Beginning with the line that contains "Rpower (2 *" in the material below, print each line exactly until the line that contains "-> field n) (i" has been printed, then stop.

[RECORDED INFORMATION Boundary: Start]

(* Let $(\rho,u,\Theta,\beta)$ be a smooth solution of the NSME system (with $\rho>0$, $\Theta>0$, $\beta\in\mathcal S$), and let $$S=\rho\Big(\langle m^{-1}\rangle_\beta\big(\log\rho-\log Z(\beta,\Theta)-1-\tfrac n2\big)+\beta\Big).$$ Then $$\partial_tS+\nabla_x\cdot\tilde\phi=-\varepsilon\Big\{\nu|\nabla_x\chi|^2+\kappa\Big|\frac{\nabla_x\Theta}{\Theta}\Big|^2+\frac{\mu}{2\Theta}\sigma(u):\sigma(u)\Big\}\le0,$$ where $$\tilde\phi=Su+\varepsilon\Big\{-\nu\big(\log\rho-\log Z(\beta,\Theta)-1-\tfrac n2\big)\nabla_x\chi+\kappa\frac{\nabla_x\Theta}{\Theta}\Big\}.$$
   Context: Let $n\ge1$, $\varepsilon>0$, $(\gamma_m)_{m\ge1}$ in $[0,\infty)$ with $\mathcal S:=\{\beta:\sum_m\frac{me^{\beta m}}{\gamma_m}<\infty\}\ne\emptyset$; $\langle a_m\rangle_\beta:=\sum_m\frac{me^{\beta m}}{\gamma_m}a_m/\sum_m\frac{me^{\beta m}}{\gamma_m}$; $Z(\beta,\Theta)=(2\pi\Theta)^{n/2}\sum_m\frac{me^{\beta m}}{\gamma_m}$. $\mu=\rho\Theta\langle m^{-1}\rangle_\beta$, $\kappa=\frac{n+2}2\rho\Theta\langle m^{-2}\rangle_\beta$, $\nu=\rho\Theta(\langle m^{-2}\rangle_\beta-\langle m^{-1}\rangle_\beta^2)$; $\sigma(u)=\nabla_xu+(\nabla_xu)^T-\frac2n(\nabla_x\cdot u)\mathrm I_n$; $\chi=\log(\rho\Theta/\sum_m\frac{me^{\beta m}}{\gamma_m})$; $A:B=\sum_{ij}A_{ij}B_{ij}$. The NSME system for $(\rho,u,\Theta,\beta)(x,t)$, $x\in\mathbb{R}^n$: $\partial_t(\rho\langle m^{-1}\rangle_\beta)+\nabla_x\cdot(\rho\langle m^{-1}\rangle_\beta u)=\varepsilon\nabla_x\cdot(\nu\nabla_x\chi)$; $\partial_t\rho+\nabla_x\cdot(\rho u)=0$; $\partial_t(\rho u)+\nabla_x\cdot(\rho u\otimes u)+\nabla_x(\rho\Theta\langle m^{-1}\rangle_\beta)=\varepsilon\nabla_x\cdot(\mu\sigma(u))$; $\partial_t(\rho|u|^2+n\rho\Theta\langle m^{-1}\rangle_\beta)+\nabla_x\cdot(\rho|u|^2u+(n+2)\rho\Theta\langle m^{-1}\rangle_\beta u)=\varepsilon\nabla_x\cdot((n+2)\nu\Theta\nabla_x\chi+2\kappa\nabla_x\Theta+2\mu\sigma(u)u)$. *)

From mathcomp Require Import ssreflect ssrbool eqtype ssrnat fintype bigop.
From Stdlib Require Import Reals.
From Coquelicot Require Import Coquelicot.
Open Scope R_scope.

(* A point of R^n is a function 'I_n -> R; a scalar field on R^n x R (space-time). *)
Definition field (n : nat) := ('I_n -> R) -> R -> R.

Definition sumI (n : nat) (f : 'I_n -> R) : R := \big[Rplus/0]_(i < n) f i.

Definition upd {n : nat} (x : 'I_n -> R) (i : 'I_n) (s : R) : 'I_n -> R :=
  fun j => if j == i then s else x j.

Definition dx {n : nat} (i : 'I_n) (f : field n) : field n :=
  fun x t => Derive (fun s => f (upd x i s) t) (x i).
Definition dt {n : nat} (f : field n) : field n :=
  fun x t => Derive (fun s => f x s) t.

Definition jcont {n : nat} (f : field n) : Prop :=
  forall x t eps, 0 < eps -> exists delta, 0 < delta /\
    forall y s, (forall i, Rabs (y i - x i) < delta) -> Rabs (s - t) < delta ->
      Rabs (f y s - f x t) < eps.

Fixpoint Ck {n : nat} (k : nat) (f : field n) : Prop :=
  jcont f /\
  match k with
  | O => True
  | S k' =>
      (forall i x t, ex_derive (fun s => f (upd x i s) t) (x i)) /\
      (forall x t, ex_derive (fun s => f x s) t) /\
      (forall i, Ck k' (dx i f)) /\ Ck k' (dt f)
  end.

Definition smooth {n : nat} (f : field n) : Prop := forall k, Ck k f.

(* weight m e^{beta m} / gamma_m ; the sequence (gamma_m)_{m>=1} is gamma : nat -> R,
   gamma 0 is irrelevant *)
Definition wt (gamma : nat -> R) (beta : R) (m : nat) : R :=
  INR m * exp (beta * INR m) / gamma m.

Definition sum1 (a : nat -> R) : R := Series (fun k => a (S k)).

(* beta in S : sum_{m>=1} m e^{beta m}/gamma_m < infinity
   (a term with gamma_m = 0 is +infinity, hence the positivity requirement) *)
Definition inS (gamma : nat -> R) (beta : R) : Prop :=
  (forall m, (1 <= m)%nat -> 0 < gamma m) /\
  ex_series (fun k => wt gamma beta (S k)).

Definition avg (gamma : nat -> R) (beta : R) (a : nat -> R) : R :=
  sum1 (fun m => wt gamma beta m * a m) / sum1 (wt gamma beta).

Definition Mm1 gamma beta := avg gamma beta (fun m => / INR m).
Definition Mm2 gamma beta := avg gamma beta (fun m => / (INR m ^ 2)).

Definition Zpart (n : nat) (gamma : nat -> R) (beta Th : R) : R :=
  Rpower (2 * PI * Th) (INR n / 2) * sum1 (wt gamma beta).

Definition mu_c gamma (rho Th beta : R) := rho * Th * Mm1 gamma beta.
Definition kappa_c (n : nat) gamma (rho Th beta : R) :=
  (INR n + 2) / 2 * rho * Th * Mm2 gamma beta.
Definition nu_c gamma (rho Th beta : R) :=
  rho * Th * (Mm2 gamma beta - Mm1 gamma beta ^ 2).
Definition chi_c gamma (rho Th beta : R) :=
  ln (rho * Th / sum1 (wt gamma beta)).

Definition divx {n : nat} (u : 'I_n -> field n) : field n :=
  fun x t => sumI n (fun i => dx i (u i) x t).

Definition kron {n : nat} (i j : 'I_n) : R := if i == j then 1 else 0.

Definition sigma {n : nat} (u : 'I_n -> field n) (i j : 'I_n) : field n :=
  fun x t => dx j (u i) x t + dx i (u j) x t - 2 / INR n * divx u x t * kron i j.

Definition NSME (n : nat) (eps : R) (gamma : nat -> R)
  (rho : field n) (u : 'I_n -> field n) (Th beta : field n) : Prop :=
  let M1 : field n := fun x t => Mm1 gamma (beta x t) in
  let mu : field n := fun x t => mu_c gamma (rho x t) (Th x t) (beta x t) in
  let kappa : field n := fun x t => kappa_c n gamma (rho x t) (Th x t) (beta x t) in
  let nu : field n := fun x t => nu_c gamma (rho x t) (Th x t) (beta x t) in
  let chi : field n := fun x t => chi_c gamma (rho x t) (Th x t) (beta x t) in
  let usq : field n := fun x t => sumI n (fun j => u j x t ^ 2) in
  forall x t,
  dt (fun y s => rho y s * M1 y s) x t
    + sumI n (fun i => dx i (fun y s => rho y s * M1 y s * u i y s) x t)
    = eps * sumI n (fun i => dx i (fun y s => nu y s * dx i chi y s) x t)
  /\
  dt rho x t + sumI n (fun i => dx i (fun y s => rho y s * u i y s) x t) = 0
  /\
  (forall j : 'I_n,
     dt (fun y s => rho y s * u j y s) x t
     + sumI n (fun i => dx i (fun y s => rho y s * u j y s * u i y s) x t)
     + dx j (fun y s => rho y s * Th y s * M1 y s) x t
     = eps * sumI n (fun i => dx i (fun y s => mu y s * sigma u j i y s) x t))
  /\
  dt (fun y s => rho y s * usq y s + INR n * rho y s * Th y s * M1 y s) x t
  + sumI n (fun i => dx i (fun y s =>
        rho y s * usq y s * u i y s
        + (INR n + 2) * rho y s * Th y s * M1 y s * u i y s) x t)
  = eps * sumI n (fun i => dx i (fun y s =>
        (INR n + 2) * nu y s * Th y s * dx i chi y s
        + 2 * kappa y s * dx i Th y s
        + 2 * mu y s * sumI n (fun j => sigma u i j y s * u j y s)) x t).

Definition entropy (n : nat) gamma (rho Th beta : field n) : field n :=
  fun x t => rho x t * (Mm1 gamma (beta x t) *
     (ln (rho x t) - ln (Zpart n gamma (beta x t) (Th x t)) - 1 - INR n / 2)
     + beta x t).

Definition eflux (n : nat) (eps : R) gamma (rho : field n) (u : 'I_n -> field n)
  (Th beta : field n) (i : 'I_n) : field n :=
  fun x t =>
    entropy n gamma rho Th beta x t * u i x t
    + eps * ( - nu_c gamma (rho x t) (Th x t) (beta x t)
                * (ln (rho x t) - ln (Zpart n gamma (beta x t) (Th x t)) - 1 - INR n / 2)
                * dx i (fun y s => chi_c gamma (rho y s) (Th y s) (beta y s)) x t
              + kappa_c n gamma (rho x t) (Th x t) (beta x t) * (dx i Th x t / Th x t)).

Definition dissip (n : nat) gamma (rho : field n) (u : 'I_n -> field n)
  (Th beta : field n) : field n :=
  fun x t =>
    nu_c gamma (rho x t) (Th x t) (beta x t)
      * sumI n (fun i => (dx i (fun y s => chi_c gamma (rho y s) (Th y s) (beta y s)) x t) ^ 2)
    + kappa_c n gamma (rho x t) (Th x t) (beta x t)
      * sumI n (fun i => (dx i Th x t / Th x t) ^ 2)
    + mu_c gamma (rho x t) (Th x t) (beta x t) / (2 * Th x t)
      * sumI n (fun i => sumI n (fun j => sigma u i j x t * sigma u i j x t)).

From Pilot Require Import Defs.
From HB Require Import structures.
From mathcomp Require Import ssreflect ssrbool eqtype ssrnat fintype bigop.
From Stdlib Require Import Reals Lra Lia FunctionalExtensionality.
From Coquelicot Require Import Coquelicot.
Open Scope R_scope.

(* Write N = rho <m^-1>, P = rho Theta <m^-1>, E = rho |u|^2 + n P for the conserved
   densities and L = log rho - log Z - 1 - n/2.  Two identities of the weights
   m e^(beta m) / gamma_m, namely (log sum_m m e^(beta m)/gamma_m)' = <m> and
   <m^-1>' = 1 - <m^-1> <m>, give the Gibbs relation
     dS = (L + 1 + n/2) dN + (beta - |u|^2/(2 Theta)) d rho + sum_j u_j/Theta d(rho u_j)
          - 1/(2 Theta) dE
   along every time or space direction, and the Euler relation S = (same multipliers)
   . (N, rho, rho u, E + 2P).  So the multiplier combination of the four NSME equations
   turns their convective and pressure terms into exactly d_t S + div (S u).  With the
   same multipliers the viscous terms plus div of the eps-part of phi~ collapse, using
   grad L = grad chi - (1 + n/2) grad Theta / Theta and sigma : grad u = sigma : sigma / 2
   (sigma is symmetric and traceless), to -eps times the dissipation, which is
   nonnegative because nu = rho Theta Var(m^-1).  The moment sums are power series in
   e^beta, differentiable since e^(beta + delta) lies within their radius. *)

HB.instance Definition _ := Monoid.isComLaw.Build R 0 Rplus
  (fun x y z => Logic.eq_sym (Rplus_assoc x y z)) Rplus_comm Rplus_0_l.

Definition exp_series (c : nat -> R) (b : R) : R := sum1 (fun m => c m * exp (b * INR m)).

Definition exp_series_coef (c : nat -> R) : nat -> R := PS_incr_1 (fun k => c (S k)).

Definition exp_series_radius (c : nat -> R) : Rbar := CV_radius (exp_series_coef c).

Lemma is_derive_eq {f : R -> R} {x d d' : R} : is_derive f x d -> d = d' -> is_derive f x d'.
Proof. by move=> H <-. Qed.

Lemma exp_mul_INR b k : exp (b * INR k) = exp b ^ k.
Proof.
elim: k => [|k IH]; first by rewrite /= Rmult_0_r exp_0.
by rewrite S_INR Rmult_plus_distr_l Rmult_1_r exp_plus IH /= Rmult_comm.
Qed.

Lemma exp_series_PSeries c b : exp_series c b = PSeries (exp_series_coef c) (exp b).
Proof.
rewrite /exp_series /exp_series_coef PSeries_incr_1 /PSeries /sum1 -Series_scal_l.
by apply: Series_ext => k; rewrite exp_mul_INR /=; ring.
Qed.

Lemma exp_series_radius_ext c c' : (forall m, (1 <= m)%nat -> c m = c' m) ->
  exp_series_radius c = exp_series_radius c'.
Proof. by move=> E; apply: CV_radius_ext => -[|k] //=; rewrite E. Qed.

[RECORDED INFORMATION Boundary: End]

§ EXERCISE ANSWER
  Rpower (2 * PI * Th) (INR n / 2) * sum1 (wt gamma beta).

Definition mu_c gamma (rho Th beta : R) := rho * Th * Mm1 gamma beta.
Definition kappa_c (n : nat) gamma (rho Th beta : R) :=
  (INR n + 2) / 2 * rho * Th * Mm2 gamma beta.
Definition nu_c gamma (rho Th beta : R) :=
  rho * Th * (Mm2 gamma beta - Mm1 gamma beta ^ 2).
Definition chi_c gamma (rho Th beta : R) :=
  ln (rho * Th / sum1 (wt gamma beta)).

Definition divx {n : nat} (u : 'I_n -> field n) : field n :=
  fun x t => sumI n (fun i => dx i (u i) x t).

Definition kron {n : nat} (i j : 'I_n) : R := if i == j then 1 else 0.

Definition sigma {n : nat} (u : 'I_n -> field n) (i j : 'I_n) : field n :=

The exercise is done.